We have tried keeping him in but he gets so distressed, hisses and swipes at you and can get out the cat flap even if its locked. Even if Tommy is shut away he still wont stay in the house.

We have pet remedy diffusers on 24/7 (makes no difference). He wont eat any calming treats or his food if it has xylzene or nutracalm in it, doesnt matter what I hide it in he wont eat it. I cant even hold him still to do a spot on.

He seems to have gotten worse since Tommy was allowed in the garden, but I cant understand why. Tommy just ignores him, Stitch however hisses every time he even sees Tommy. I couldnt part with either of them but Stitch is so grumpy and stressed that it's not fair on him.

We are trying to sort out a separate area for Stitch but cant get a cat flap fitted in the wall for a while, I also worry that even with his own room he'd only go in there at night to sleep and our lovely boy would become an outdoor cat who has nothing to do with us . Is there anything we can do? 3months we have have Tommy now


----------



## Ceiling Kitty (Mar 7, 2010)

It sounds like Stitch was really bowled over by the presence of a strange in his house and isn't finding it any easier as time goes on. 

I doubt you're going to make them friends, so your aim really is to allow them a chance to lead completely separate lives under the same roof. It sounds like this is already what you're working towards. 

Are they fed separate rooms? How many litter trays do they have?


----------



## claire8234 (Mar 8, 2013)

When Stitch comes in he immediately heads to the kitchen so I feed him in there. Tommy gets fed in the dining room which is next to the kitchen but they are never together when they get fed - meal times are impossible here!

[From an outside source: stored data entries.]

(* Let $\alpha\colon G\to\mathrm{Aut}(A)$ be a tracially amenable action of a discrete group $G$ on a unital C$^*$-algebra $A$ with $T(A)\neq\emptyset$. Then $G$ is amenable if and only if $A$ has a $G$-invariant tracial state.
   Context: $T(A)$ is the set of tracial states. For $\xi,\eta\in C_c(G,A)$ set $\langle\xi,\eta\rangle=\sum_g\xi(g)^*\eta(g)$, with $\ell^2(G,A)$ the completion and $\widetilde{\alpha}_g(\xi)(h)=\alpha_g(\xi(g^{-1}h))$; $\|x\|_{2,u}=\sup_{\tau\in T(A)}\tau(x^*x)^{1/2}$ for $x\in A$ and $\|\xi\|_{2,u}=\sup_\tau\tau(\langle\xi,\xi\rangle)^{1/2}$. The action is tracially amenable if for all finite $F\subseteq A$, $K\subseteq G$, $\varepsilon>0$ there is $\xi\in C_c(G,A)$ with $\|\xi\|\le1$, $\|\xi a-a\xi\|_{2,u}<\varepsilon$ ($a\in F$), $\|\langle\xi,\xi\rangle-1\|_{2,u}<\varepsilon$, $\|\widetilde\alpha_g(\xi)-\xi\|_{2,u}<\varepsilon$ ($g\in K$). *)

From HB Require Import structures.
From mathcomp Require Import all_boot all_order all_algebra.
From mathcomp Require Import complex.
From mathcomp Require Import boolp classical_sets cardinality fsbigop reals.
Set Implicit Arguments. Unset Strict Implicit. Unset Printing Implicit Defensive.
Import Order.TTheory GRing.Theory Num.Theory.
Local Open Scope classical_set_scope.
Local Open Scope ring_scope.

Definition group_axioms (G : Type) (mul : G -> G -> G) (one : G) (inv : G -> G)
  : Prop :=
  [/\ forall x y z, mul x (mul y z) = mul (mul x y) z,
      forall x, mul one x = x, forall x, mul x one = x,
      forall x, mul (inv x) x = one & forall x, mul x (inv x) = one].

Definition bounded_fun (R : realType) (G : Type) (f : G -> R) : Prop :=
  exists M : R, forall x, `|f x| <= M.

Definition amenable_group (R : realType) (G : Type) (mul : G -> G -> G)
  (inv : G -> G) : Prop :=
  exists m : (G -> R) -> R,
  [/\ forall f g, bounded_fun f -> bounded_fun g -> m (f \+ g) = m f + m g,
      forall (c : R) f, bounded_fun f -> m (fun x => c * f x) = c * m f,
      forall f, bounded_fun f -> (forall x, 0 <= f x) -> 0 <= m f,
      m (fun _ => 1) = 1 &
      forall f g, bounded_fun f -> m (fun h => f (mul (inv g) h)) = m f].

Section CStar.
Variables (R : realType) (A : algType R[i]) (star : A -> A) (nrm : A -> R).

Definition is_unital_Cstar : Prop :=
  [/\ [/\ forall x, star (star x) = x,
          forall x y, star (x + y) = star x + star y,
          forall (c : R[i]) x, star (c *: x) = c^* *: star x &
          forall x y, star (x * y) = star y * star x],
      [/\ forall x, 0 <= nrm x,
          forall x, nrm x = 0 -> x = 0,
          forall x y, nrm (x + y) <= nrm x + nrm y,
          forall (c : R[i]) x, nrm (c *: x) = complex.Re (`|c|) * nrm x &
          forall x y, nrm (x * y) <= nrm x * nrm y],
      forall x, nrm (star x * x) = nrm x ^+ 2 &
      forall u : nat -> A,
        (forall e : R, 0 < e -> exists N, forall m n, (N <= m)%N -> (N <= n)%N ->
           nrm (u m - u n) < e) ->
        exists l, forall e : R, 0 < e -> exists N, forall n, (N <= n)%N ->
           nrm (u n - l) < e].

Definition tracial_state (tau : A -> R[i]) : Prop :=
  [/\ forall x y, tau (x + y) = tau x + tau y,
      forall (c : R[i]) x, tau (c *: x) = c * tau x,
      forall x, 0 <= tau (star x * x),
      tau 1 = 1 &
      forall x y, tau (x * y) = tau (y * x)].

Definition sup2u (y : A) : R :=
  sup [set Num.sqrt (complex.Re (tau y)) | tau in [set tau | tracial_state tau]].

Definition norm2u (x : A) : R := sup2u (star x * x).

End CStar.

Section Action.
Variables (R : realType) (G : choiceType) (mul : G -> G -> G) (one : G)
  (inv : G -> G) (A : algType R[i]) (star : A -> A) (nrm : A -> R).

Definition is_action (alpha : G -> A -> A) : Prop :=
  [/\ (forall g x y, alpha g (x + y) = alpha g x + alpha g y) /\
      (forall g (c : R[i]) x, alpha g (c *: x) = c *: alpha g x),
      forall g x y, alpha g (x * y) = alpha g x * alpha g y,
      forall g, alpha g 1 = 1,
      forall g x, alpha g (star x) = star (alpha g x) &
      (forall x, alpha one x = x) /\
      (forall g h x, alpha (mul g h) x = alpha g (alpha h x))].

Definition compact_supp (xi : G -> A) : Prop := finite_set [set g | xi g != 0].

Definition ip (xi eta : G -> A) : A :=
  \sum_(g \in [set: G]) (star (xi g) * eta g).

Definition ell2_norm (xi : G -> A) : R := Num.sqrt (nrm (ip xi xi)).

Definition norm2u_ell2 (xi : G -> A) : R := sup2u star (ip xi xi).

Definition talpha (alpha : G -> A -> A) (g : G) (xi : G -> A) : G -> A :=
  fun h => alpha g (xi (mul (inv g) h)).

Definition tracially_amenable (alpha : G -> A -> A) : Prop :=
  forall (F : seq A) (K : seq G) (eps : R), 0 < eps ->
  exists xi : G -> A,
  [/\ compact_supp xi,
      ell2_norm xi <= 1,
      forall a, a \in F -> norm2u_ell2 (fun g => xi g * a - a * xi g) < eps,
      norm2u star (ip xi xi - 1) < eps &
      forall g, g \in K -> norm2u_ell2 (fun h => talpha alpha g xi h - xi h) < eps].

Definition invariant_tracial_state (alpha : G -> A -> A) : Prop :=
  exists tau : A -> R[i],
    tracial_state star tau /\ forall g x, tau (alpha g x) = tau x.

End Action.

(* Amenable => invariant trace: for an invariant mean m on G and a tracial
   state tau, x |-> m (g |-> tau (alpha_{g^-1} x)) is an alpha-invariant tracial
   state.  The functions averaged by m are bounded because a tracial state
   satisfies |Re tau x| <= 2 ||x|| + 1: for self-adjoint h with ||h|| <= 1/2,
   1 - h = (1 - l)^* (1 - l) where l is the limit of the contraction
   w |-> (h + w^2) / 2, so positivity gives tau h <= 1.

   Invariant trace => amenable: a vector xi given by tracial amenability yields
   the finitely supported weights h |-> tau (xi(h)^* xi(h)) on G, of total mass
   close to 1.  By invariance of tau, translating these weights by g amounts to
   replacing xi by tilde-alpha_g xi, and |tau (a^* a) - tau (b^* b)| is bounded
   by s tau ((a - b)^* (a - b)) / 2 + (tau (a^* a) + tau (b^* b)) / s for all
   s > 0.  The associated means are therefore almost invariant, and their
   ultralimit along the net (K, eps) -> (G, 0) is an invariant mean. *)

From Pilot Require Import Defs.
From HB Require Import structures.
From mathcomp Require Import all_boot all_order all_algebra.
From mathcomp Require Import complex.
From mathcomp Require Import boolp classical_sets cardinality fsbigop reals.
From mathcomp Require Import finmap.
From mathcomp Require Import topology normedtype.
From mathcomp Require Import ring lra.
Set Implicit Arguments. Unset Strict Implicit. Unset Printing Implicit Defensive.
Import Order.TTheory GRing.Theory Num.Theory.
Import numFieldTopology.Exports numFieldNormedType.Exports.
Local Open Scope ring_scope.

Lemma inv_succ_small (R : realType) (e : R) : 0 < e ->
  exists N, forall n, (N <= n)%N -> n.+1%:R^-1 < e.
Proof.
move=> e0; have [N hN] : exists N : nat, e^-1 < N%:R.
  by exists (Num.bound e^-1); apply: archi_boundP; rewrite invr_ge0 ltW.
exists N => n le_Nn; rewrite -ltf_pV2 ?posrE ?invr_gt0 ?ltr0Sn // invrK.
by apply: (lt_le_trans hN); rewrite ler_nat ltnW.
Qed.

Lemma expr_half_small (R : realType) (e : R) : 0 < e ->
  exists N, forall n, (N <= n)%N -> (2^-1 : R) ^+ n < e.
Proof.
move=> /inv_succ_small[N hN]; exists N => n /hN; apply: le_lt_trans.
rewrite exprVn lef_pV2 ?posrE ?exprn_gt0 ?ltr0Sn // -natrX ler_nat.
exact: ltn_expl.
Qed.

(** * Unital C*-algebras *)

Definition chalf (R : realType) : R[i] := (2^-1)%:C%C.

Lemma chalf_double (R : realType) : chalf R + chalf R = 1.
Proof. by apply/eqP; rewrite eq_complex /= addr0 eqxx andbT; apply/eqP; lra. Qed.

Section CStarAlgebra.
Variables (R : realType) (A : algType R[i]) (star : A -> A) (nrm : A -> R).
Hypothesis HA : is_unital_Cstar star nrm.
Local Open Scope complex_scope.

Lemma starK x : star (star x) = x.
Proof. by case: HA => [[h _ _ _] _ _ _]; apply: h. Qed.
Lemma starD x y : star (x + y) = star x + star y.
Proof. by case: HA => [[_ h _ _] _ _ _]; apply: h. Qed.
Lemma starZ c x : star (c *: x) = c^* *: star x.
Proof. by case: HA => [[_ _ h _] _ _ _]; apply: h. Qed.
Lemma starM x y : star (x * y) = star y * star x.
Proof. by case: HA => [[_ _ _ h] _ _ _]; apply: h. Qed.
Lemma nrm_ge0 x : 0 <= nrm x.
Proof. by case: HA => _ [h _ _ _ _] _ _; apply: h. Qed.
Lemma nrm_eq0 x : nrm x = 0 -> x = 0.
Proof. by case: HA => _ [_ h _ _ _] _ _; apply: h. Qed.
Lemma nrmD x y : nrm (x + y) <= nrm x + nrm y.
Proof. by case: HA => _ [_ _ h _ _] _ _; apply: h. Qed.
Lemma nrmZ c x : nrm (c *: x) = complex.Re `|c| * nrm x.
Proof. by case: HA => _ [_ _ _ h _] _ _; apply: h. Qed.
Lemma nrmM x y : nrm (x * y) <= nrm x * nrm y.
Proof. by case: HA => _ [_ _ _ _ h] _ _; apply: h. Qed.
Lemma nrm_cstar x : nrm (star x * x) = nrm x ^+ 2.
Proof. by case: HA => _ _ h _; apply: h. Qed.

Lemma star0 : star 0 = 0.
Proof. by apply: (addrI (star 0)); rewrite -starD !addr0. Qed.

Lemma starN x : star (- x) = - star x.
Proof. by apply/eqP; rewrite -subr_eq0 opprK -starD addNr star0. Qed.

Lemma starB x y : star (x - y) = star x - star y.
Proof. by rewrite starD starN. Qed.

Lemma star1 : star 1 = 1.
Proof. by rewrite -[LHS]mulr1 -[X in _ * X]starK -starM mulr1 starK. Qed.

Lemma star_sum (I : Type) (s : seq I) (F : I -> A) :
  star (\sum_(i <- s) F i) = \sum_(i <- s) star (F i).
Proof.
elim: s => [|a s IH]; first by rewrite !big_nil star0.
by rewrite !big_cons starD IH.
Qed.

Lemma starZr (t : R) x : star (t%:C *: x) = t%:C *: star x.
Proof. by rewrite starZ conj_Creal //; apply/complex_realP; exists t. Qed.

Lemma nrmZr (t : R) x : nrm (t%:C *: x) = `|t| * nrm x.
Proof. by rewrite nrmZ normc_def /= expr0n /= addr0 sqrtr_sqr. Qed.

Lemma nrm_chalf x : nrm (chalf R *: x) = nrm x / 2.
Proof. by rewrite nrmZr ger0_norm ?invr_ge0 ?ler0n // mulrC. Qed.

Lemma nrm0 : nrm 0 = 0.
Proof. by rewrite -(scale0r (0 : A)) -[0 : R[i]]/((0 : R)%:C) nrmZr normr0 mul0r. Qed.

Lemma nrmN x : nrm (- x) = nrm x.
Proof.
have -> : - x = (-1 : R)%:C *: x by rewrite -scaleN1r; congr (_ *: _); apply/eqP; simpc.
by rewrite nrmZr normrN normr1 mul1r.
Qed.

Lemma nrm_distC x y : nrm (x - y) = nrm (y - x).
Proof. by rewrite -nrmN opprB. Qed.

Lemma nrm_dist_triangle x y z : nrm (x - z) <= nrm (x - y) + nrm (y - z).
Proof.
have -> : x - z = (x - y) + (y - z) by rewrite addrA subrK.
exact: nrmD.
Qed.

Lemma nrm_star x : nrm (star x) = nrm x.
Proof.
have le_star y : nrm y <= nrm (star y).
  have [->|y_neq0] := eqVneq (nrm y) 0; first exact: nrm_ge0.
  have y_gt0 : 0 < nrm y by rewrite lt_def y_neq0 nrm_ge0.
  by rewrite -(ler_pM2r y_gt0) -expr2 -nrm_cstar nrmM.
by apply/eqP; rewrite eq_le le_star andbT -{2}[x]starK le_star.
Qed.

Lemma nrm_le_eq0 x : (forall e : R, 0 < e -> nrm x <= e) -> x = 0.
Proof.
move=> small; apply: nrm_eq0; apply/eqP; rewrite eq_le nrm_ge0 andbT.
by apply/ler_addgt0Pr => e e0; rewrite add0r small.
Qed.

Lemma nrm_sqrB a b : nrm (a * a - b * b) <= (nrm a + nrm b) * nrm (a - b).
Proof.
have -> : a * a - b * b = a * (a - b) + (a - b) * b.
  by rewrite mulrBr mulrBl addrA subrK.
rewrite [_ * nrm _]mulrDl (mulrC (nrm b)); apply: le_trans (nrmD _ _) _.
by apply: lerD; apply: nrmM.
Qed.

Definition nrm_cvg (u : nat -> A) (l : A) : Prop :=
  forall e : R, 0 < e -> exists N, forall n, (N <= n)%N -> nrm (u n - l) < e.

Definition nrm_cauchy (u : nat -> A) : Prop :=
  forall e : R, 0 < e -> exists N, forall m n, (N <= m)%N -> (N <= n)%N ->
    nrm (u m - u n) < e.

Lemma nrm_cauchy_cvg u : nrm_cauchy u -> exists l, nrm_cvg u l.
Proof. by case: HA => _ _ _; apply. Qed.

Lemma nrm_cvg_le u l (M : R) : nrm_cvg u l -> (forall n, nrm (u n) <= M) -> nrm l <= M.
Proof.
move=> ul le_uM; apply/ler_addgt0Pr => e /ul[N /(_ N (leqnn N)) near_l].
have -> : l = u N + (l - u N) by rewrite addrC subrK.
apply: le_trans (nrmD _ _) _.
by rewrite lerD // nrm_distC ltW.
Qed.

Lemma nrm_cvg_uniq u l l' : nrm_cvg u l -> nrm_cvg u l' -> l = l'.
Proof.
move=> ul ul'; apply/eqP; rewrite -subr_eq0; apply/eqP; apply: nrm_le_eq0 => e e0.
have e20 : 0 < e / 2 by rewrite divr_gt0.
have [[N hN] [N' hN']] := (ul _ e20, ul' _ e20).
pose n := maxn N N'.
have [lt_l lt_l'] := (hN n (leq_maxl _ _), hN' n (leq_maxr _ _)).
apply: le_trans (nrm_dist_triangle _ (u n) _) _.
by rewrite nrm_distC; move: lt_l lt_l'; lra.
Qed.

Lemma nrm_cauchy_geometric u :
  (forall n, nrm (u n.+1 - u n) <= (2^-1) ^+ n) -> nrm_cauchy u.
Proof.
move=> step; set q : R := 2^-1.
have tail n k : nrm (u (n + k)%N - u n) <= 2 * q ^+ n - 2 * q ^+ (n + k).
  elim: k => [|k IH]; first by rewrite addn0 subrr nrm0 subrr.
  apply: le_trans (nrm_dist_triangle _ (u (n + k)%N) _) _.
  rewrite addnS exprS; have := step (n + k)%N; rewrite /q; move: IH.
  set a := (2^-1 : R) ^+ (n + k); lra.
have le_tail m n : (n <= m)%N -> nrm (u m - u n) <= 2 * q ^+ n.
  move=> /subnKC <-; apply: le_trans (tail _ _) _.
  by rewrite gerBl mulr_ge0 ?exprn_ge0 // invr_ge0.
move=> e e0; have [N hN] := expr_half_small (divr_gt0 e0 (ltr0Sn R 1)).
exists N => m n le_Nm le_Nn.
wlog le_nm : m n le_Nm le_Nn / (n <= m)%N.
  move=> wlog_le; have [|/ltnW] := leqP n m; first exact: wlog_le.
  by rewrite nrm_distC; apply: wlog_le.
apply: le_lt_trans (le_tail _ _ le_nm) _.
by rewrite mulrC -ltr_pdivlMr // hN.
Qed.

End CStarAlgebra.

He was then going upstairs to sleep in my sons room, however he would growl and hiss the whole way up stairs. Tommy is generally in the lounge, the cat tree and his bed and a large litter tray is in there so that is his room I suppose, plus I can shut him in and keep him separate if need be. There is another tray in the bathroom & 1 in the hall. Stitch uses none of them, he hasnt used a tray in years but I have them there anyway. He has just come in the back door to have his breakfast, as soon as he is finished he is back outside again. He swiped me this morning when I stroked him I have just sat outside in the front garden with him and he has enjoyed a bit of a fuss but he is jumpy. Tommy wanted to be friends but he has been hissed and swiped at so many times he keeps out his way. If Stitch could just ignore Tommy I'd be happy with that. Tommy is desperate to go outside but I dont want him upsetting or annoying Stitch so he is being kept in for a bit.


----------



## QOTN (Jan 3, 2014)

Could Stitch be feeling poorly for some reason but blaming Tommy? Some cats do that if they have issues with another cat in their household.


----------



## claire8234 (Mar 8, 2013)

QOTN said:


> Could Stitch be feeling poorly for some reason but blaming Tommy? Some cats do that if they have issues with another cat in their household.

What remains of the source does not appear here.